Todo alrededor estaba rodeado de coníferas, tapaban la visibilidad. Sólo se veían las constelaciones, y muchas estrellas fugaces. Sin los faros naranjas de la ciudad, la noche era nítida. Estaba completamente oscuro y nos guiábamos con un encendedor intermitente para cruzar un caminito que subía a la peña; subimos las “escaleras” de piedra hasta llegar a la cima, era un piso plano rodeado de una barda circular de piedra en el cual se concentraba la energía cósmica, según Fili. Del otro lado de la barda sólo había abismo y árboles. Las luces de Agnosia llegaban desde lejos, en el sur. Sobre nuestras cabezas brillaban los Reyes Magos, Orión, y un triangulito que seguramente no era Libra.
Después de gotear el ojorrojo, y reforzarlo con algo de gallo, regresamos al Garbanzo, el coche de Fili. Ahí nos explicó los simbolismos de una peli donde los ángeles se dan en la madre tratando de destronar a Dios, y habló una puta hora de Jodorowsky y Castaneda, haciendo gala de transdisciplina pacheca. Luego se acordó de que a unos quinientos metros de la peña él, Chuck, Vórtex y Rain habían abierto un portal dimensional, liberando a una entidad sobrenatural, y seguramente seguía suelta en alguna parte del bosque.

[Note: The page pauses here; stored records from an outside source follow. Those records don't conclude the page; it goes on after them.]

Lemma potential_init c s' : step init c = Some s' ->
  exists2 v', pot s' = Some v' & init_potential < column_cost c + v'.
Proof.
case/andP: T_valid => /all_columnsP /(_ c) + _.
rewrite /potential_ok_at -/(step init c) => /andP [+ _].
by move=> + step_c; rewrite step_c /=; case: (pot s') => // v' lt_v'; exists v'.
Qed.

Lemma potential_step s c s' v : pot s = Some v -> step s c = Some s' ->
  exists2 v', pot s' = Some v' & v < column_cost c + v'.
Proof.
case/andP: T_valid => /all_columnsP /(_ c) + _.
rewrite /potential_ok_at => /andP [_ /trie_allP T_c].
move=> /T_c; rewrite decode_encode -/(step s c) => + step_c; rewrite step_c.
by case: (pot s') => // v' lt_v; exists v'.
Qed.

Lemma potential_accepting s v : pot s = Some v -> accepting s -> v <= accept_potential.
Proof. by case/andP: T_valid => _ /trie_allP acc /acc; rewrite decode_encode => /implyP. Qed.

Lemma potential_run l s sf v : pot s = Some v -> run s l = Some sf -> accepting sf ->
  v + size l <= sumn [seq column_cost c | c <- l] + accept_potential.
Proof.
elim: l s v => [|c l IH] s v pot_s; first by case=> <- /(potential_accepting pot_s); rewrite addn0.
rewrite run_cons; case step_c: (step s c) => [s'|] //= run_l acc.
have [v' pot_s' lt_v] := potential_step pot_s step_c.
by have := IH _ _ pot_s' run_l acc; lia.
Qed.

Lemma accepts_init_cost c l : accepts init (c :: l) ->
  size (c :: l) < sumn [seq column_cost c | c <- c :: l].
Proof.
rewrite /accepts run_cons; case step_c: (step init c) => [s'|] //=.
case run_l: (run s' l) => [sf|] // acc.
have [v' pot_s' lt_v'] := potential_init step_c.
have := potential_run pot_s' run_l acc.
by rewrite /init_potential /accept_potential in lt_v' *; lia.
Qed.

End Potential.

Fixpoint trie_set (t : trie) (k : seq bool) (v : nat) : trie :=
  match k, t with
  | [::], _ => Leaf (Some v)
  | b :: k', Node l r => if b then Node l (trie_set r k' v) else Node (trie_set l k' v) r
  | b :: k', Leaf _ =>
      if b then Node (Leaf None) (trie_set (Leaf None) k' v)
      else Node (trie_set (Leaf None) k' v) (Leaf None)
  end.

Fixpoint trie_map (F : seq bool -> nat -> nat) (t : trie) : trie :=
  match t with
  | Leaf v => Leaf (omap (F [::]) v)
  | Node l r => Node (trie_map (fun k => F (false :: k)) l) (trie_map (fun k => F (true :: k)) r)
  end.

Definition profile := (rowset * rowset * rowset * nat)%type.

Definition successors (ps : seq profile) (s : state) : seq (state * nat) :=
  pmap (fun p : profile => let: (h0, h1, h2, k) := p in omap (pair^~ k) (transition s h0 h1 h2)) ps.

Fixpoint explore (ps : seq profile) (fuel : nat) (todo : seq state) (seen : trie) : trie :=
  match fuel, todo with
  | fuel'.+1, s :: todo' =>
      let visit acc (p : state * nat) :=
        let: (queue, table) := acc in
        if trie_get table (encode p.1) is Some _ then acc
        else (p.1 :: queue, trie_set table (encode p.1) 0) in
      let: (todo'', seen') := foldl visit (todo', seen) (successors ps s) in
      explore ps fuel' todo'' seen'
  | _, _ => seen
  end.

Definition relax (ps : seq profile) (T : trie) : trie :=
  trie_map (fun key v => foldl (fun best (p : state * nat) =>
      if trie_get T (encode p.1) is Some v' then minn best (v' + p.2 - 1) else best)
    v (successors ps (decode key))) T.

(* An unverified search: the states reachable from [init], then three rounds
   of Bellman-Ford relaxation (which reach the fixpoint) starting from 64 as
   infinity.  Any fuel letting the search finish (1317 states are reachable)
   would do, as only the resulting table is checked. *)
Definition potential_table : trie := Eval vm_compute in
  let ps := [seq (heard_rows c 0, heard_rows c 1, heard_rows c 2, column_cost c) | c <- all_columns] in
  let reachable := explore ps 4096 [:: init] (Leaf None) in
  iter 3 (relax ps)
    (trie_map (fun key _ => if accepting (decode key) then accept_potential else 64) reachable).

Lemma potential_table_valid : valid_potential potential_table.
Proof. vm_compute; reflexivity. Qed.

(** * Broadcasts as column sequences *)

Section Columns.

Variables (m : nat) (f : broadcast2 ('I_m * 'I_6)%type).

Definition value_at (i s : nat) : 'I_3 :=
  if (insub i, insub s) is (Some i', Some s') then f (i', s') else ord0.
Definition column_at (i : nat) := column_of (value_at i).
Definition columns := mkseq column_at m.
Definition padded := [:: Z, Z & columns ++ [:: Z; Z]].

Lemma value_atE i s (lt_im : i < m) (lt_s6 : s < 6) :
  value_at i s = f (Ordinal lt_im, Ordinal lt_s6).
Proof.
rewrite /value_at; case: insubP => [i' _ val_i'|]; last by rewrite lt_im.
by case: insubP => [s' _ val_s'|]; [congr (f (_, _)); apply: val_inj | rewrite lt_s6].
Qed.

Lemma level_column_at (i : 'I_m) (s : 'I_6) : level (column_at i) s = f (i, s).
Proof. by rewrite level_column_of // /value_at !valK. Qed.

Lemma column_at_out i : m <= i -> column_at i = Z.
Proof. by move=> ge_im; rewrite /column_at /value_at insubF // ltnNge ge_im. Qed.

Lemma nth_padded p : nth Z padded p = if p < 2 then Z else column_at (p - 2).
Proof.
case: p => [|[|p]] //=; rewrite subn2 /= nth_cat size_mkseq.
case: ltnP => [lt_pm|ge_pm]; first by rewrite nth_mkseq.
by rewrite column_at_out //; case: (p - m) => [|[|?]] //=; rewrite nth_nil.
Qed.

Lemma hears_window (j : 'I_m) (r : 'I_6) :
  [exists v, hears (PmC6 m) f (j, r) v] = in_rows (window_at padded j) r.
Proof.
rewrite /window_at in_rowset_of //; apply/existsP/hasP => [[[i s]]|[k]].
  move=> reach; rewrite hears_grid /grid_dist /= in reach.
  have near : distn i j <= 2 := leq_trans (leq_addr _ _) (reaches_le2 reach).
  exists (i + 2 - j); first by rewrite mem_iota; move: near; rewrite /distn; lia.
  rewrite /heard_rows in_rowset_of //; apply/hasP; exists (nat_of_ord s).
    by rewrite mem_iota ltn_ord.
  rewrite nth_padded ifF; last by move: near; rewrite /distn; lia.
  have -> : j + (i + 2 - j) - 2 = i by move: near; rewrite /distn; lia.
  have -> : distn (i + 2 - j) 2 = distn i j by move: near; rewrite /distn; lia.
  by rewrite level_column_at.
rewrite mem_iota /heard_rows in_rowset_of // => /andP [_ lt_k5] /hasP [s].
rewrite mem_iota => /andP [_ lt_s6].
rewrite nth_padded; case: ltnP => [_|ge2]; first by rewrite level_column_of.
case: (ltnP (j + k - 2) m) => [lt_im|ge_im]; last by rewrite column_at_out // level_column_of.
rewrite (level_column_at (Ordinal lt_im) (Ordinal lt_s6)) => reach.
exists (Ordinal lt_im, Ordinal lt_s6); rewrite hears_grid /grid_dist /=.
by have -> : distn (j + k - 2) j = distn k 2 by move: ge2; rewrite /distn; lia.
Qed.

Lemma dominating_windows : dominating (PmC6 m) f = windows_full padded.
Proof.
rewrite /windows_full; have -> : size padded - 4 = m by rewrite /= size_cat size_mkseq /=; lia.
apply/forallP/allP => [dom j|full [j r]].
  rewrite mem_iota => /andP [_ lt_jm]; apply/rows_allP => r lt_r6.
  by rewrite -(hears_window (Ordinal lt_jm) (Ordinal lt_r6)); exact: dom.
have j_in : (j : nat) \in iota 0 m by rewrite mem_iota ltn_ord.
by rewrite hears_window; have /rows_allP := full j j_in; apply; exact: ltn_ord.
Qed.

Lemma dominating_accepts : 2 <= m -> dominating (PmC6 m) f = accepts init columns.
Proof.
move=> m_ge2; rewrite dominating_windows /padded.
have := size_mkseq column_at m; rewrite -/columns.
by case: columns => [|a [|b l]] /= size_cols; [lia | lia | rewrite accepts_init].
Qed.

Focko le pasó el gallo sobrante con tal de que cambiara de tema.
Fue un desperdicio. Esa noche Fili estaba inspirado.
Luego de un rato de ver ángeles fosforescentes, Fili nos convenció para hacer danzas rituales y a ahuyentar a los venados curiosos. Focko dijo que cazáramos uno e hiciéramos cecina. Debí recordarle que estaba penado porque eran una especie endémica, según las nom y las cites.
La verdad, yo tenía mucha hueva como para hacer de Heracles transitorio.
Fili nos interrumpió:
Silencio… ¿Ya escucharon? En los pinos. Es la Pacha Mama…
Y a bailar.
Desperté a eso de las once de la mañana en una mesa de la Pulquería 30-30, con un curado de guayaba a medio beber; estaba lleno de moscas.
Un señor con la ropa vomitada dormía a mi lado; su mano colgaba, como muerta, alrededor de mi cuello. Una parte de su basca había manchado mi pantalón. Él resto de él era todo fraternidad.
Focko ya no estaba y Fili pernoctaba plácidamente, con un tlapehue de avena bien sujeto en su mano derecha y la mórbida teta de una zorra en la izquierda.